Prologue: why is DataOps so hard?

If you’ve ever lived DataOps, you’ll know that it’s a challenge at the best of times. A day in the life of a typical data engineering team involves securing, releasing, debugging and stabilising complex and oftentimes fragile data pipelines. These pipelines can involve many source applications and intermediaries, and troubleshooting them under management pressure when it’s all going wrong is stressful.

There are so many complex layers to modern data platforms that need to be cared for that the team can often feel overwhelmed. Sometimes it feels like it isn’t unusual for 80% of the sprint to be focused on low-level plumbing and fixing technical debt.

Nobody likes technical debt and with less than 20% of the team’s work time available for actual product development, the DataOps team is often on the receiving end of management frustration. We’ve all been in That review call—you know the one I mean: why are things taking so long? Why is there so little to show? Why is your cadence so poor?

I want you to step out of that difficult and uncomfortable conference call, just for a moment.
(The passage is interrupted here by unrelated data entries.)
Lemma dafermos_trichotomy :
  [\/ uL = uR /\ (forall x, u x = uL),
      uL < uR /\ (forall x, 0 < d x) |
      uR < uL /\ (forall x, d x < 0)].
Proof.
have [[x0 dx0]|d_neq0] := pselect (exists x0, d x0 = 0).
  have u_cst x : u x = u 0.
    apply: is_derive_0_is_cst => t; rewrite -(dafermos_deriv_eq0 t dx0).
    exact: ode_du ode t.
  have u_lim l (G : set_system R) : ProperFilter G -> u x @[x --> G] --> l -> l = u 0.
    move=> G0 /(cvg_lim (@Rhausdorff R)) <-.
    by rewrite (funext u_cst) lim_cst //; exact: Rhausdorff.
  rewrite (u_lim _ _ _ u_cvgNy) (u_lim _ _ _ u_cvgy).
  by apply: Or31; split.
have dc : continuous d := fun x => is_derive_continuous (ode_dd ode x).
have d_neq0' x : d x != 0 by apply/eqP => dx; apply: d_neq0; exists x.
have [d_gt0|d_lt0] := continuous_neq0_sign dc d_neq0'.
  apply: Or32; split=> //.
  have /andP[] := homo_lt_between_cvg (is_derive_gt0_homo (ode_du ode) d_gt0) u_cvgNy u_cvgy 0.
  exact: lt_trans.
apply: Or33; split=> //.
have dN_gt0 x : 0 < (- d) x by rewrite fctE oppr_gt0.
have uN_homo := is_derive_gt0_homo (ode_du (dafermos_odeN ode)) dN_gt0.
have uN_cvgNy : (- u) x @[x --> -oo] --> - uL by exact: cvgN.
have uN_cvgy : (- u) x @[x --> +oo] --> - uR by exact: cvgN.
have /andP[] := homo_lt_between_cvg uN_homo uN_cvgNy uN_cvgy 0.
by move=> h1 h2; rewrite -ltrN2; exact: lt_trans h1 h2.
Qed.

Lemma dafermos_deriv_cvgy : (forall x, 0 < d x) -> d x @[x --> +oo] --> 0.
Proof.
move=> d_gt0; have [ud dd ode_x] := ode.
have u_bd := homo_lt_between_cvg (is_derive_gt0_homo ud d_gt0) u_cvgNy u_cvgy.
have [m [_ Fu_lt]] : \forall x \near +oo, F (u x) < x.
  have Fu_cvg : (F \o u) x @[x --> +oo] --> F uR := cvg_comp _ _ u_cvgy (@F_cont uR).
  near=> x; apply: (@lt_trans _ _ (F uR + 1)).
    by near: x; apply: cvgr_lt _ Fu_cvg _ _; rewrite ltrDl.
  by near: x; apply: nbhs_pinfty_gt; exact: num_real.
apply: (@bounded_deriv_nonincreasing_cvgy0 _ u d (m + 1) uL uR ud).
- by move=> x; exact: ltW.
- move=> x y /andP[mx xy]; rewrite -subr_le0.
  have := is_derive_increment_ub xy (fun z _ => dd z) (k := 0).
  rewrite mul0r; apply=> z /andP[xz _].
  have mz : m < z by lra.
  by rewrite -(pmulr_rle0 _ eps_gt0) ode_x nmulr_rle0 ?subr_lt0 ?Fu_lt ?ltW.
- by move=> x; case/andP: (u_bd x) => /ltW -> /ltW ->.
Unshelve. all: by end_near. Qed.

End dafermos_profile.

Lemma dafermos_deriv_cvgNy F eps uL uR u d a : 0 < eps -> continuous F ->
  dafermos_ode F eps u d a -> u x @[x --> -oo] --> uL -> u x @[x --> +oo] --> uR ->
  (forall x, 0 < d x) -> d x @[x --> -oo] --> 0.
Proof.
move=> eps_gt0 F_cont ode u_cvgNy u_cvgy d_gt0; apply/cvgNy_compNP.
apply: (dafermos_deriv_cvgy (uL := - uR) (uR := - uL) eps_gt0 _
  (dafermos_ode_reflect ode)) => [v||| x].
- by apply: continuousN; apply: continuous_comp; [exact: continuousN | exact: F_cont].
- by apply: cvgN; exact: (cvgy_compNP u _).1 u_cvgy.
- by apply: cvgN; exact: (cvgNy_compNP u _).1 u_cvgNy.
- exact: d_gt0.
Qed.

End dafermos_ode.

Section increasing_profiles.
Variable R : realType.
Variables (F : R -> R) (eps uL uR : R) (u1 d1 a1 u2 d2 a2 : R -> R).
Hypotheses (eps_gt0 : 0 < eps) (F_cont : continuous F).
Hypotheses (ode1 : dafermos_ode F eps u1 d1 a1) (ode2 : dafermos_ode F eps u2 d2 a2).
Hypotheses (d1_gt0 : forall x, 0 < d1 x) (d2_gt0 : forall x, 0 < d2 x).
Hypotheses (u1_cvgNy : u1 x @[x --> -oo] --> uL) (u1_cvgy : u1 x @[x --> +oo] --> uR).
Hypotheses (u2_cvgNy : u2 x @[x --> -oo] --> uL) (u2_cvgy : u2 x @[x --> +oo] --> uR).

Let u2_mono : {mono u2 : x y / x <= y}.
Proof. exact/le_mono/(is_derive_gt0_homo (ode_du ode2) d2_gt0). Qed.

Let u2_inv (v : R) : R := xget 0 [set t | u2 t = v].

Let u2K : cancel u2 u2_inv.
Proof.
move=> t; apply: (inc_inj u2_mono).
by apply: (@xgetPex _ 0 [set s | u2 s = u2 t]); exists t.
Qed.

Let tau x := u2_inv (u1 x).

Let tauE x : u2 (tau x) = u1 x.
Proof.
have u1_homo := is_derive_gt0_homo (ode_du ode1) d1_gt0.
have u2_cont z : {for z, continuous u2} := is_derive_continuous (ode_du ode2 z).
rewrite /tau; have [t <-] := continuous_cvg_surj u2_cont u2_cvgNy u2_cvgy
  (homo_lt_between_cvg u1_homo u1_cvgNy u1_cvgy x).
by rewrite u2K.
Qed.

Let tau_deriv x : is_derive x (1 : R) tau (d1 x / d2 (tau x)).
Proof.
have u2_invd : is_derive (u1 x) (1 : R) u2_inv (d2 (tau x))^-1.
  rewrite -tauE; apply: (is_derive_inverse _ _ (ode_du ode2 _) (lt0r_neq0 (d2_gt0 _))).
    by near=> s; exact: u2K.
  by near=> s; exact: is_derive_continuous (ode_du ode2 s).
by rewrite mulrC; exact: is_derive1_comp u2_invd (ode_du ode1 x).
Unshelve. all: by end_near. Qed.

Let tau_cvgy : tau x @[x --> +oo] --> +oo.
Proof.
apply/cvgryPge => A; have /andP[_ u2A_lt] := homo_lt_between_cvg
  (is_derive_gt0_homo (ode_du ode2) d2_gt0) u2_cvgNy u2_cvgy A.
by near=> x; rewrite -u2_mono tauE ltW //; near: x; exact: cvgr_gt _ u1_cvgy _ u2A_lt.
Unshelve. all: by end_near. Qed.

Let tau_cvgNy : tau x @[x --> -oo] --> -oo.
Proof.
apply/cvgrNyPle => A; have /andP[u2A_gt _] := homo_lt_between_cvg
  (is_derive_gt0_homo (ode_du ode2) d2_gt0) u2_cvgNy u2_cvgy A.
by near=> x; rewrite -u2_mono tauE ltW //; near: x; exact: cvgr_lt _ u1_cvgNy _ u2A_gt.
Unshelve. all: by end_near. Qed.

Let P x := d1 x - d2 (tau x).
Let D x := x - tau x.
Let Q x := P x * D x.

Let P_deriv x : is_derive x (1 : R) P (- (D x * d1 x) / eps).
Proof.
have eps_neq0 := lt0r_neq0 eps_gt0.
have d2tau := is_derive1_comp (ode_dd ode2 (tau x)) (tau_deriv x).
apply: is_derive_eq (is_deriveB (ode_dd ode1 x) d2tau) _.
rewrite (dafermos_ddE _ eps_neq0 ode1) (dafermos_ddE _ eps_neq0 ode2) tauE /D.
by field; rewrite eps_neq0 lt0r_neq0.
Qed.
Stop trying to defend and justify yourselves; instead, reflect.

Exegesis: doing less with more

If even 20% of the team’s distraction is removed, the team’s productivity, in theory at least, doubles. And so I introduce you to Model-driven Operations. Model-driven Operations models the relationships between components, their interactions and interdependencies. This paradigm has slowly been gathering momentum in the Kubernetes community. Some of you may already be using, or thinking of using, Kubernetes operators to help automate deployment of trade tools like Apache Spark and Flink.

Model-driven Operations, however, is a compute paradigm that goes much further than point deployment automation of an individual software component. With model-driven operations we can model the complete solution. 

This means going beyond deployment. It also means going beyond individual components. We can also model the day-0 to day-N tasks associated with the solution. These tasks go beyond deployment and integration, to daily operational management tasks such as certificate renewal, password rotation, post-mortem snapshotting, performance reporting, backup and restore, high-availability failover, disaster recovery testing and DRP execution.

Too busy going places to focus on improvement? Image courtesy of Wikpedia.org | credit Holapaco77

This all sounds time consuming! Well, perhaps at first. But investing time in building an automation model of your team’s operational tasks can and will yield a return on investment, improving quality, repeatability, predictability and most importantly, productivity.

Introducing Juju
Recognising the complexity and productivity challenges contemporary operations teams face, and seeking to help teams to encode their wisdom into automation models, Canonical responded with Juju – the reference framework for Model-driven Operations.

Juju is a free, open source model-driven operations solution. Juju supports teams by encoding operations knowledge and wisdom into composable solution-building blocks.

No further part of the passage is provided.